WARUM WIR KEIN GEFÜHL FÜR DAS NICHTWISSEN HABEN
    Aderlasseffekt
    Ein Mann wird zum Arzt gebracht. Dieser schneidet ihm die Arterie des Unterarms auf und lässt das Blut herausspritzen – einen halben Liter. Der Mann fällt in Ohnmacht. Am nächsten Tag muss er fünf weitere Aderlässe über sich ergehen lassen. Bei den letzten drei Prozeduren will das Blut nicht mehr richtig herausschießen, also setzt der Arzt einen Glaskolben gefüllt mit heißer Luft an die Wunde. Die Luft kühlt sich ab, entwickelt ein Vakuum, und saugt das Blut aus dem Arm. Der Mann liegt nun halb tot mit sechs Schnittwunden im Bett. Jetzt setzt der Arzt Blutegel an die empfindlichsten Stellen der Wunden. Die Würmer saugen sich langsam voll. Wenn sie prall sind und vor Blut fast platzen, werden neue, hungrige Egel angesetzt. Nach drei Monaten wird der Patient entlassen – wenn er nicht gestorben ist.
    Dieses Verfahren war gang und gäbe bis weit ins 19. Jahrhundert hinein. Die Idee des Aderlasses gründet auf der »Viersäftelehre« des Körpers. Nach dieser Theorie sind alle Krankheiten auf ein Ungleichgewicht von vier Säften – gelbe Galle, schwarze Galle, Schleim und Blut – zurückzuführen. Bei Akne, Asthma, Cholera, Diabetes, Epilepsie, Pest, Hirnschlag, Tuberkulose und hundert anderen Krankheiten hat der Körper angeblich zu viel Blut – darum Aderlass. Allein in den 1830er-Jahren importierte Frankreich deshalb über 40 Millionen Blutegel. Die Viersäftelehre hat die Medizin über 2.000 Jahre lang dominiert. Kaum eine andere wissenschaftliche Theorie konnte sich so lange halten, und das, obwohl sie kompletter Humbug war. Den meisten Patienten ging es ohne Aderlass nachweislich besser – was auch den Ärzten nicht verborgen blieb.

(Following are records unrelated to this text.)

(* Let $\phi:M_D(\mathbb{C})\to M_D(\mathbb{C})$ be a primitive Schwarz map. Then $\phi$ has spectral radius $1$ if and only if $\phi$ is unital, i.e. $\phi(I)=I$.
   Context: $M_D(\mathbb{C})$ is the algebra of complex $D\times D$ matrices. A linear map $\phi$ on $M_D(\mathbb{C})$ is a Schwarz map if $\phi(a^*a)\ge\phi(a)^*\phi(a)$ for all $a$ (in the Loewner order); unitality is not part of this definition. $\phi$ is primitive if there is $n\in\mathbb{N}$ such that $\phi^n$ maps every nonzero positive semidefinite matrix to a positive definite matrix. The spectral radius is that of $\phi$ as a linear operator on the vector space $M_D(\mathbb{C})$. *)

From HB Require Import structures.
From mathcomp Require Import all_boot all_order all_algebra.
From mathcomp Require Import complex.
From mathcomp Require Import reals Rstruct.
From Stdlib Require Import Rdefinitions.
Set Implicit Arguments.
Unset Strict Implicit.
Unset Printing Implicit Defensive.
Import Order.TTheory GRing.Theory Num.Theory.
Local Open Scope ring_scope.

Definition C : numClosedFieldType := Rdefinitions.R[i].

Definition adjmx {D : nat} (A : 'M[C]_D) : 'M[C]_D := (map_mx Num.conj A)^T.

Definition psd {D : nat} (A : 'M[C]_D) : Prop :=
  adjmx A = A /\ forall v : 'cV[C]_D, 0 <= ((map_mx Num.conj v)^T *m A *m v) 0 0.

Definition pd {D : nat} (A : 'M[C]_D) : Prop :=
  adjmx A = A /\ forall v : 'cV[C]_D, v != 0 -> 0 < ((map_mx Num.conj v)^T *m A *m v) 0 0.

Definition loewner_le {D : nat} (A B : 'M[C]_D) : Prop := psd (B - A).

Definition schwarz_map {D : nat} (phi : {linear 'M[C]_D -> 'M[C]_D}) : Prop :=
  forall a : 'M[C]_D, loewner_le (adjmx (phi a) *m phi a) (phi (adjmx a *m a)).

Definition primitive {D : nat} (phi : {linear 'M[C]_D -> 'M[C]_D}) : Prop :=
  exists n : nat, forall A : 'M[C]_D, psd A -> A != 0 -> pd (iter n phi A).

Definition lin_eigenvalue {D : nat} (phi : {linear 'M[C]_D -> 'M[C]_D}) (l : C) : Prop :=
  exists X : 'M[C]_D, X != 0 /\ phi X = l *: X.

Definition is_spectral_radius {D : nat} (phi : {linear 'M[C]_D -> 'M[C]_D}) (r : C) : Prop :=
  (exists l, lin_eigenvalue phi l /\ `|l| = r) /\
  (forall l, lin_eigenvalue phi l -> `|l| <= r).

From HB Require Import structures.
From mathcomp Require Import all_boot all_order all_algebra.
From mathcomp Require Import sesquilinear spectral.
Import Order.TTheory GRing.Theory Num.Theory.
Set Implicit Arguments.
Unset Strict Implicit.
Unset Printing Implicit Defensive.
Local Open Scope ring_scope.
Local Open Scope sesquilinear_scope.

(* A Schwarz map is positive, hence monotone for the Loewner order, and the
   Schwarz inequality at [1] gives [phi 1 <= 1], hence [phi^k 1 <= 1]. At an
   eigenvector [phi X = l X] it gives [|l|^2 X^*X <= phi (X^*X)]. Test these
   inequalities against a unit eigenvector v for the largest eigenvalue c of
   [Y = X^*X], so that [Y <= c] and [v^* Y v = c]. If [phi 1 = 1] then
   [|l|^2 c <= v^* phi(Y) v <= c]. If [|l| = 1] then [Y <= phi^k Y] for all k, so
   [c <= v^* phi^(k+1)(Y) v <= c v^* phi^(k+1)(1) v = c (v^* phi^k(1) v - t) <= c (1 - t)]
   where [t = v^* phi^k(1 - phi 1) v] is positive by primitivity unless [phi 1 = 1]. *)

(* An index minimising the number of strictly larger values is a maximiser. *)
Lemma real_argmax (R : numDomainType) (I : finType) (f : I -> R) (i0 : I) :
  (forall i, f i \is Num.real) -> exists i, forall j, f j <= f i.
Proof.
move=> fR; case: (@arg_minnP _ i0 predT (fun i => #|[pred j | f i < f j]|)) => //.
move=> i _ imin; exists i => j; rewrite real_leNgt //; apply/negP => lt_ij.
have := imin j isT; apply/negP; rewrite -ltnNge; apply: proper_card.
apply/properP; split; first by apply/subsetP => k; rewrite !inE; apply: lt_trans.
by exists j; rewrite !inE ?ltxx.
Qed.

Section ConjTranspose.
Variables (K : numClosedFieldType) (m n p : nat).

Lemma trmxC_mul (A : 'M[K]_(m, n)) (B : 'M[K]_(n, p)) : (A *m B)^t* = B^t* *m A^t*.
Proof. by rewrite trmx_mul map_mxM. Qed.

Lemma trmxCD (A B : 'M[K]_(m, n)) : (A + B)^t* = A^t* + B^t*.
Proof. by rewrite linearD map_mxD. Qed.

Lemma trmxCB (A B : 'M[K]_(m, n)) : (A - B)^t* = A^t* - B^t*.
Proof. by rewrite linearB map_mxB. Qed.

Lemma trmxCZ (c : K) (A : 'M[K]_(m, n)) : (c *: A)^t* = c^* *: A^t*.
Proof. by apply/matrixP => i j; rewrite !mxE rmorphM. Qed.

Lemma trmxC_scalar (c : K) : (c%:M : 'M[K]_n)^t* = c^*%:M.
Proof. by rewrite tr_scalar_mx map_scalar_mx. Qed.

End ConjTranspose.

Section Loewner.
Variables (K : numClosedFieldType) (n : nat).
Implicit Types (A B : 'M[K]_n) (v : 'cV[K]_n).

Definition qform A v : K := (v^t* *m A *m v) 0 0.

Definition psdmx A := A^t* = A /\ forall v, 0 <= qform A v.
Definition pdmx A := A^t* = A /\ forall v, v != 0 -> 0 < qform A v.
Definition lemx A B := psdmx (B - A).

Lemma qform_congr A B v : qform (B^t* *m A *m B) v = qform A (B *m v).
Proof. by rewrite /qform trmxC_mul !mulmxA. Qed.

Lemma qformD A B v : qform (A + B) v = qform A v + qform B v.
Proof. by rewrite /qform mulmxDr mulmxDl !mxE. Qed.

Lemma qformB A B v : qform (A - B) v = qform A v - qform B v.
Proof. by rewrite /qform mulmxBr mulmxBl !mxE. Qed.

Lemma qformZ (c : K) A v : qform (c *: A) v = c * qform A v.
Proof. by rewrite /qform -scalemxAr -scalemxAl mxE. Qed.

Lemma qform0 A : qform A 0 = 0.
Proof. by rewrite /qform mulmx0 mxE. Qed.

Lemma qform_diag (d : 'rV[K]_n) v :
  qform (diag_mx d) v = \sum_j d 0 j * `|v j 0| ^+ 2.
Proof.
rewrite /qform mul_mx_diag mxE; apply: eq_bigr => j _.
by rewrite !mxE normCKC mulrCA mulrA.
Qed.

Lemma qform_diag_delta (d : 'rV[K]_n) i : qform (diag_mx d) (delta_mx i 0) = d 0 i.
Proof.
rewrite qform_diag (bigD1 i) //= big1 => [|j ji]; last first.
  by rewrite mxE (negPf ji) mulr0n normr0 expr0n mulr0.
by rewrite mxE !eqxx mulr1n normr1 expr1n mulr1 addr0.
Qed.

Lemma qform1 v : qform 1%:M v = \sum_j `|v j 0| ^+ 2.
Proof.
by rewrite -diag_const_mx qform_diag; apply: eq_bigr => j _; rewrite mxE mul1r.
Qed.

Lemma psdmxD A B : psdmx A -> psdmx B -> psdmx (A + B).
Proof.
move=> [hA qA] [hB qB]; split; first by rewrite trmxCD hA hB.
by move=> v; rewrite qformD addr_ge0.
Qed.

Lemma psdmx_congr A B : psdmx A -> psdmx (B^t* *m A *m B).
Proof.
move=> [hA qA]; split; last by move=> v; rewrite qform_congr.
by rewrite !trmxC_mul trmxCK hA mulmxA.
Qed.

Lemma psdmx1 : psdmx 1%:M.
Proof.
split; first by rewrite trmxC_scalar conjC1.
by move=> v; rewrite qform1 sumr_ge0 // => j _; rewrite exprn_ge0.
Qed.

Lemma psdmx_trmxC_mul (X : 'M[K]_n) : psdmx (X^t* *m X).
Proof. by rewrite -[X^t*]mulmx1; apply: psdmx_congr psdmx1. Qed.

Lemma psdmx_diag (d : 'rV[K]_n) : (forall i, 0 <= d 0 i) -> psdmx (diag_mx d).
Proof.
move=> d_ge0; split.
  apply/matrixP => i j; rewrite !mxE eq_sym.
  by case: eqP => [->|_]; rewrite ?mulr1n ?mulr0n ?conjC0 // geC0_conj.
by move=> v; rewrite qform_diag sumr_ge0 // => j _; rewrite mulr_ge0 ?exprn_ge0.
Qed.

Lemma lemx_refl A : lemx A A.
Proof.
rewrite /lemx subrr; split; first by apply/matrixP => i j; rewrite !mxE conjC0.
by move=> v; rewrite /qform mulmx0 mul0mx mxE.
Qed.

Lemma lemx_trans B A E : lemx A B -> lemx B E -> lemx A E.
Proof. by rewrite /lemx => AB BE; have := psdmxD BE AB; rewrite addrA subrK. Qed.

Lemma lemx_qform A B v : lemx A B -> qform A v <= qform B v.
Proof. by move=> [_ /(_ v)]; rewrite qformB subr_ge0. Qed.

End Loewner.

Section Spectral.
Variables (K : numClosedFieldType) (n : nat).
Implicit Types (A X Y : 'M[K]_n).

Lemma trmxC_mul_eq0 X : (X^t* *m X == 0) = (X == 0).
Proof.
apply/eqP/eqP => [XX0|->]; last by rewrite mulmx0.
apply/matrixP => i j; have := qform_congr 1%:M X (delta_mx j 0).
rewrite mulmx1 XX0 /qform mulmx0 mul0mx mxE -/(qform _ _) qform1 -colE.
move=> /esym/psumr_eq0P/(_ i isT)/eqP; rewrite expf_eq0 normr_eq0 !mxE.
by move=> /(_ (fun k _ => exprn_ge0 2 (normr_ge0 _)))/andP[_ /eqP].
Qed.

Lemma hermitian_spectral A : A^t* = A -> exists P (d : 'rV[K]_n),
  [/\ P *m P^t* = 1%:M, P^t* *m P = 1%:M & A = P^t* *m diag_mx d *m P].
Proof.
move=> hermA; have /orthomx_spectralP defA : A \is normalmx.
  by apply/normalmxP; rewrite hermA.
have /unitarymxP PP := spectral_unitarymx A.
exists (spectralmx A), (spectral_diag A); split => //; first exact: mulmx1C.
by rewrite {1}defA invmx_unitary ?spectral_unitarymx.
Qed.

Lemma psdmx_spectral A : psdmx A -> exists P (d : 'rV[K]_n),
  [/\ P *m P^t* = 1%:M, P^t* *m P = 1%:M, A = P^t* *m diag_mx d *m P
    & forall i, 0 <= d 0 i].
Proof.
move=> [hermA qA]; have [P [d [PP PP' defA]]] := hermitian_spectral hermA.
exists P, d; split => // i; rewrite -qform_diag_delta.
have -> : diag_mx d = P^t*^t* *m A *m P^t*.
  by rewrite trmxCK defA !mulmxA PP mul1mx -mulmxA PP mulmx1.
by rewrite qform_congr.
Qed.

Lemma psdmx_sqrt A : psdmx A -> exists B : 'M[K]_n, A = B^t* *m B.
Proof.
move=> /psdmx_spectral [P [d [_ _ defA d_ge0]]].
pose s : 'rV[K]_n := \row_j sqrtC (d 0 j).
exists (diag_mx s *m P); rewrite trmxC_mul tr_diag_mx map_diag_mx.
have -> : map_mx Num.conj s = s.
  by apply/matrixP => i j; rewrite !mxE geC0_conj // sqrtC_ge0.
rewrite mulmxA -(mulmxA (P^t*)) mulmx_diag defA; congr (_ *m diag_mx _ *m _).
by apply/matrixP => i j; rewrite !mxE -expr2 sqrtCK !ord1.
Qed.

Lemma psdmx_max_eigen Y : psdmx Y -> Y != 0 -> exists c v,
  [/\ 0 < c, lemx Y c%:M, qform Y v = c & qform 1%:M v = 1].
Proof.
move=> psdY Yn0; have [P [d [PP PP' defY d_ge0]]] := psdmx_spectral psdY.
have [i0 _] : exists i0 : 'I_n, true.
  case: n Y Yn0 {psdY P d PP PP' defY d_ge0} => [|n'] Y; last by exists ord0.
  by rewrite thinmx0 eqxx.
have [i imax] := @real_argmax _ _ (fun i => d 0 i) i0 (fun i => ger0_real (d_ge0 i)).
have diagY : P *m Y *m P^t* = diag_mx d.
  by rewrite defY !mulmxA PP mul1mx -mulmxA PP mulmx1.
exists (d 0 i), (P^t* *m delta_mx i 0); split.
- rewrite lt_def d_ge0 andbT; apply: contraNneq Yn0 => di0.
  rewrite defY; suff -> : d = 0 by rewrite raddf0 mulmx0 mul0mx.
  by apply/matrixP => k j; rewrite ord1 mxE; apply/le_anti; rewrite d_ge0 -di0 imax.
- rewrite /lemx.
  have -> : (d 0 i)%:M - Y = P^t* *m diag_mx (const_mx (d 0 i) - d) *m P.
    rewrite raddfB /= diag_const_mx mulmxBr mulmxBl -defY mul_mx_scalar -scalemxAl.
    by rewrite PP' scalemx1.
  by apply/psdmx_congr/psdmx_diag => j; rewrite !mxE subr_ge0 imax.
- by rewrite -qform_congr trmxCK diagY qform_diag_delta.
- by rewrite -qform_congr trmxCK mulmx1 PP -diag_const_mx qform_diag_delta mxE.
Qed.

End Spectral.

Definition schwarz (K : numClosedFieldType) n (phi : {linear 'M[K]_n -> 'M[K]_n}) :=
  forall a, lemx ((phi a)^t* *m phi a) (phi (a^t* *m a)).

Definition primitive_map (K : numClosedFieldType) n (phi : {linear 'M[K]_n -> 'M[K]_n}) :=
  exists k, forall A, psdmx A -> A != 0 -> pdmx (iter k phi A).

Section Schwarz.
Variables (K : numClosedFieldType) (n : nat) (phi : {linear 'M[K]_n -> 'M[K]_n}).
Hypothesis phi_schwarz : schwarz phi.
Implicit Types (A B X Y : 'M[K]_n).

Lemma iter_linearB k A B : iter k phi (A - B) = iter k phi A - iter k phi B.
Proof. by elim: k => //= k ->; rewrite linearB. Qed.

Lemma iter_linearZ k (c : K) A : iter k phi (c *: A) = c *: iter k phi A.
Proof. by elim: k => //= k ->; rewrite linearZ. Qed.

Lemma schwarz_psdmx A : psdmx A -> psdmx (phi A).
Proof.
move=> /psdmx_sqrt [B ->].
by have := psdmxD (phi_schwarz B) (psdmx_trmxC_mul (phi B)); rewrite subrK.
Qed.

Lemma schwarz_iter_lemx k A B : lemx A B -> lemx (iter k phi A) (iter k phi B).
Proof.
rewrite /lemx -iter_linearB; elim: k => //= k IHk /IHk; exact: schwarz_psdmx.
Qed.

(* [phi 1] is self-adjoint with [phi 1 ^+ 2 <= phi 1], and
   [1 - phi 1 = (1 - phi 1) ^+ 2 + (phi 1 - phi 1 ^+ 2)]. *)
Lemma schwarz_lemx1 : lemx (phi 1%:M) 1%:M.
Proof.
have := phi_schwarz 1%:M; rewrite trmxC_scalar conjC1 mul1mx.
set P := phi 1%:M => PP_le_P.
have selfP : P^t* = P.
  by case: PP_le_P; rewrite trmxCB trmxC_mul trmxCK => /addIr.
rewrite /lemx.
have -> : 1%:M - P = (1%:M - P)^t* *m (1%:M - P) + (P - P^t* *m P).
  rewrite trmxCB trmxC_scalar conjC1 selfP mulmxBl !mulmxBr !mul1mx mulmx1.
  by rewrite subrK.
exact: psdmxD (psdmx_trmxC_mul _) PP_le_P.
Qed.

Lemma schwarz_iter_lemx1 k : lemx (iter k phi 1%:M) 1%:M.
Proof.
elim: k => [|k IHk]; first exact: lemx_refl.
by rewrite iterSr; apply: lemx_trans IHk; apply: schwarz_iter_lemx schwarz_lemx1.
Qed.

Lemma schwarz_eigen X l : phi X = l *: X ->
  lemx (`|l| ^+ 2 *: (X^t* *m X)) (phi (X^t* *m X)).
Proof.
move=> eigX; have := phi_schwarz X.
by rewrite eigX trmxCZ -scalemxAl -scalemxAr scalerA normCKC.
Qed.

Lemma schwarz_unital_eigen_le1 X l :
  phi 1%:M = 1%:M -> X != 0 -> phi X = l *: X -> `|l| <= 1.
Proof.
move=> unital Xn0 eigX; rewrite -trmxC_mul_eq0 in Xn0.
have [c [v [c_gt0 XX_le_c XXv qf1v]]] := psdmx_max_eigen (psdmx_trmxC_mul X) Xn0.
have lower := lemx_qform v (schwarz_eigen eigX).
have upper := lemx_qform v (schwarz_iter_lemx 1 XX_le_c).
rewrite qformZ XXv in lower.
rewrite /= -scalemx1 linearZ unital qformZ qf1v mulr1 in upper.
have : `|l| ^+ 2 * c <= 1 * c by rewrite mul1r; apply: le_trans lower upper.
by rewrite ler_pM2r // expr_le1.
Qed.

Lemma primitive_schwarz_subinvariant_unital Y : primitive_map phi ->
  psdmx Y -> Y != 0 -> lemx Y (phi Y) -> phi 1%:M = 1%:M.
Proof.
move=> [k pd_iter] psdY Yn0 Y_le_phiY.
have Y_le_iter j : lemx Y (iter j phi Y).
  elim: j => [|j IHj]; first exact: lemx_refl.
  by rewrite iterSr; apply: lemx_trans IHj _; apply: schwarz_iter_lemx.
have [c [v [c_gt0 Y_le_c Yv qf1v]]] := psdmx_max_eigen psdY Yn0.
have vn0 : v != 0.
  by apply/eqP => v0; move: qf1v; rewrite v0 qform0 => /eqP; rewrite eq_sym oner_eq0.
apply/eqP; rewrite eq_sym -subr_eq0; apply/negPn/negP => defect_neq0.
have [_ /(_ v vn0)] := pd_iter _ schwarz_lemx1 defect_neq0.
set t := qform _ v => t_gt0.
have iterS1 : iter k.+1 phi 1%:M = iter k phi 1%:M - iter k phi (1%:M - phi 1%:M).
  by rewrite -iter_linearB iterSr opprB addrC subrK.
have : c <= c * (1 - t).
  rewrite -{1}Yv; apply: le_trans (lemx_qform v (Y_le_iter k.+1)) _.
  apply: le_trans (lemx_qform v (schwarz_iter_lemx k.+1 Y_le_c)) _.
  rewrite -scalemx1 iter_linearZ qformZ iterS1 qformB -/t ler_pM2l // lerD2r.
  rewrite -[X in _ <= X]qf1v.
  exact: lemx_qform v (schwarz_iter_lemx1 k).
rewrite mulrBr mulr1 -subr_ge0 addrAC subrr add0r oppr_ge0.
by rewrite (lt_geF (mulr_gt0 c_gt0 t_gt0)).
Qed.

End Schwarz.

Section Dictionary.
Variable D : nat.
Implicit Types (A : 'M[C]_D) (phi : {linear 'M[C]_D -> 'M[C]_D}).

Lemma adjmxE A : adjmx A = A^t*.
Proof. exact: map_trmx. Qed.

Lemma psdE A : psd A <-> psdmx A.
Proof.
rewrite /psd /psdmx /qform adjmxE.
by split=> -[-> qA]; split=> // v; move: (qA v); rewrite map_trmx.
Qed.

Lemma pdE A : pd A <-> pdmx A.
Proof.
rewrite /pd /pdmx /qform adjmxE.
by split=> -[-> qA]; split=> // v /qA; rewrite map_trmx.
Qed.

Lemma schwarz_map_schwarz phi : schwarz_map phi -> schwarz phi.
Proof. by move=> schwarz_phi a; have /psdE := schwarz_phi a; rewrite !adjmxE. Qed.

Lemma primitive_primitive_map phi : primitive phi -> primitive_map phi.
Proof.
move=> [k pd_iter]; exists k => A /psdE psdA An0; exact/pdE/pd_iter.
Qed.

End Dictionary.

Theorem proposition2p3 (D : nat) (phi : {linear 'M[C]_D -> 'M[C]_D}) :
  (0 < D)%N -> schwarz_map phi -> primitive phi ->
  (is_spectral_radius phi 1 <-> phi 1%:M = 1%:M).
Proof.
move=> D_gt0 /schwarz_map_schwarz schwarz_phi.
move=> /primitive_primitive_map primitive_phi.
split => [[[l [[X [Xn0 eigX]] norm_l]] _] | unital].
  apply: (primitive_schwarz_subinvariant_unital schwarz_phi primitive_phi
           (psdmx_trmxC_mul X)); first by rewrite trmxC_mul_eq0.
  by have := schwarz_eigen schwarz_phi eigX; rewrite norm_l expr1n scale1r.
split => [|l [X [Xn0 eigX]]]; last exact: schwarz_unital_eigen_le1 eigX.
exists 1; split; last exact: normr1.
exists 1%:M; split; last by rewrite scale1r.
apply/eqP => /matrixP/(_ (Ordinal D_gt0) (Ordinal D_gt0))/eqP.
by rewrite !mxE eqxx oner_eq0.
Qed.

    2.000 Jahre lang hat sich das medizinische Establishment an eine falsche Theorie geklammert – entgegen aller Evidenz. Warum? So unglaublich es klingt, aber die Viersäftelehre des Körpers ist exemplarisch für alle Theorien, die sich mit komplexen Systemen – Mensch, Börse, Kriege, Städte, Ökosysteme, Unternehmen – befassen. Wir geben eine falsche Theorie nicht auf, wenn sie sich als falsch erweist, sondern erst, wenn eine bessere in Sicht ist. Das ist alles andere als rational, aber keineswegs die Ausnahme. Nennen wir es den Aderlasseffekt .
    Immer wieder befinden wir uns im Leben zwischen zwei Jobs, zwei Wohnorten oder Beziehungen – niemals aber zwischen zwei Ansichten. Stoßen wir eine weg, nehmen wir sofort eine neue an. Wir sind wie beziehungsunfähige Männer, die keinen Tag ohne Frau aushalten. Ansichten fühlen sich nur entweder »richtig« oder »falsch« an. Bewusste Ignoranz – die Einsicht, etwas (noch) nicht zu wissen – hat keinen Platz in unserer Gefühlswelt. Wir wissen nicht, wie sich das Nichtwissen anfühlen soll. Darum sind wir besser im Theorienerfinden als im Zugeben unserer Ignoranz. Das fiel zuerst dem Wissenschaftshistoriker Thomas Kuhn auf: Theorien kollabieren nie unter dem Gewicht ihrer eigenen Fehler. Sie kollabieren erst, wenn eine andere, scheinbar bessere Theorie vorhanden ist.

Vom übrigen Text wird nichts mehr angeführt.